-------- Excerpted data --------

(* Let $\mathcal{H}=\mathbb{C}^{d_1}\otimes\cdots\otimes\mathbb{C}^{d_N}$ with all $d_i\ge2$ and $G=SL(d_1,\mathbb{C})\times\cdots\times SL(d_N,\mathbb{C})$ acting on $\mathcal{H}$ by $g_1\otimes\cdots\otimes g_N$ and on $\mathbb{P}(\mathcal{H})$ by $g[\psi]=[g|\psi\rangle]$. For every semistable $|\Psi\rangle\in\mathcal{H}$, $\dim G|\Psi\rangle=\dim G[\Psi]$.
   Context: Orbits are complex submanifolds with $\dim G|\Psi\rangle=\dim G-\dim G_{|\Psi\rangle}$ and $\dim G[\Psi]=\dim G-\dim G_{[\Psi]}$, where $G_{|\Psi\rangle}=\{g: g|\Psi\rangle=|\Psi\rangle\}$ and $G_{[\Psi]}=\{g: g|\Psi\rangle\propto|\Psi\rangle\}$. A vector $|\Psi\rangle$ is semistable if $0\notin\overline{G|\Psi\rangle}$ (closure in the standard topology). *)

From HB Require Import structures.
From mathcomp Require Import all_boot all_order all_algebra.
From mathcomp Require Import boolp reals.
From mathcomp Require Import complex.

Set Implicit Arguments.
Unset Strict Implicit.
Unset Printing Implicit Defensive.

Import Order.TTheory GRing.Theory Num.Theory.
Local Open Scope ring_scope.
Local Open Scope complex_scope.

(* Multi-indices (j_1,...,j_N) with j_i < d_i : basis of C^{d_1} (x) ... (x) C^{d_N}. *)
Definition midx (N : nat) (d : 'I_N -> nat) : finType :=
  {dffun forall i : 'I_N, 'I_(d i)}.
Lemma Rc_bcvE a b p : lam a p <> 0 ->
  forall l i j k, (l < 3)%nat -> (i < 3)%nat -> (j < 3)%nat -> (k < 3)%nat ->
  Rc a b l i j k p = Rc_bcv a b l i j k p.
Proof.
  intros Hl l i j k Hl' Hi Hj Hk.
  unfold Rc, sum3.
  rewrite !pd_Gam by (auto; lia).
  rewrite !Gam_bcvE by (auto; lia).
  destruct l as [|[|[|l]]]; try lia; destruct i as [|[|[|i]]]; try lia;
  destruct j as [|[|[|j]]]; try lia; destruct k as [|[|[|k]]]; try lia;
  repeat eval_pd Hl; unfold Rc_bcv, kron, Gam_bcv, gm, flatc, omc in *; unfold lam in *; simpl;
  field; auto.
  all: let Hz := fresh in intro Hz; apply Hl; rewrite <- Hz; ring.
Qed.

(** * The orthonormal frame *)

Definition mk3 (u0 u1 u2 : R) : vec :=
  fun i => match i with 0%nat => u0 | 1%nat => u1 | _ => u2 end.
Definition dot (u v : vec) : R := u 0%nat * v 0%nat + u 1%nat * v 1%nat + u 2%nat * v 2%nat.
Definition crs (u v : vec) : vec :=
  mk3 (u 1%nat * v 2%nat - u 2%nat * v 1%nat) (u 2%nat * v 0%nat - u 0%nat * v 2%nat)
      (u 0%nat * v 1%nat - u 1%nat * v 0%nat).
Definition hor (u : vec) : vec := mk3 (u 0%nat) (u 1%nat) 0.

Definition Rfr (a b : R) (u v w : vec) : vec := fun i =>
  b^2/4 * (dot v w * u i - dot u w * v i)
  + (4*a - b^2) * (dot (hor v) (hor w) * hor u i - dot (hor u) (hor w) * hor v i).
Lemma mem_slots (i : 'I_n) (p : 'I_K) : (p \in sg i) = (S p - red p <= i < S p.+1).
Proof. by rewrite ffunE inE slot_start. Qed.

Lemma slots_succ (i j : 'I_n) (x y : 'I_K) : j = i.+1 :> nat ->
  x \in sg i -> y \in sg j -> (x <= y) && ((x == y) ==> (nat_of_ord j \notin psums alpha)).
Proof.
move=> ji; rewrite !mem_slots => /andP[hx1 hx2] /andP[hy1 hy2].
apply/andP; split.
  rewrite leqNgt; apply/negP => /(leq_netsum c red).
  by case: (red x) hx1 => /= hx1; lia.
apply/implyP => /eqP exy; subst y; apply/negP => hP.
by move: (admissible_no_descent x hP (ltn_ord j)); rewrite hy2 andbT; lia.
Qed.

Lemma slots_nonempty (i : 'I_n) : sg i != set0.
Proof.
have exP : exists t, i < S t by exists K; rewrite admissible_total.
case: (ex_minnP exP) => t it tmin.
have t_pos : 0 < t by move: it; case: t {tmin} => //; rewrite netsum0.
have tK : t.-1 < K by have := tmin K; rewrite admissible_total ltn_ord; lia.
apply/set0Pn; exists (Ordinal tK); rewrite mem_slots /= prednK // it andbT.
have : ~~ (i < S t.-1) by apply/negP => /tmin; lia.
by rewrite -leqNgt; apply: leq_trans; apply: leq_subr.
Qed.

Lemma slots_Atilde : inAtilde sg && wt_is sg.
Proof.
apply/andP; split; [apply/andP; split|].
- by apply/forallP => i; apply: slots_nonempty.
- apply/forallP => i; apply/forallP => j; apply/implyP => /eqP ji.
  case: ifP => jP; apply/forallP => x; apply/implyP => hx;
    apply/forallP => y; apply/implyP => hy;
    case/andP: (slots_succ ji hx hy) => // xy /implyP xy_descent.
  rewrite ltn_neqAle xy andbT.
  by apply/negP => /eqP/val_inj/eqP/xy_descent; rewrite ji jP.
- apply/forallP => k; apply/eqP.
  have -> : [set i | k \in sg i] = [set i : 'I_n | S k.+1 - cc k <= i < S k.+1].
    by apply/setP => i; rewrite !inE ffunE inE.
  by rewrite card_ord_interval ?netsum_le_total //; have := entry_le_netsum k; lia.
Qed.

--------

What to produce >> Lines from the one containing "have -> : [set" through the last line of the records, restated word for word: that is the whole response.

Exercise solution >>
  have -> : [set i | k \in sg i] = [set i : 'I_n | S k.+1 - cc k <= i < S k.+1].
    by apply/setP => i; rewrite !inE ffunE inE.
  by rewrite card_ord_interval ?netsum_le_total //; have := entry_le_netsum k; lia.
Qed.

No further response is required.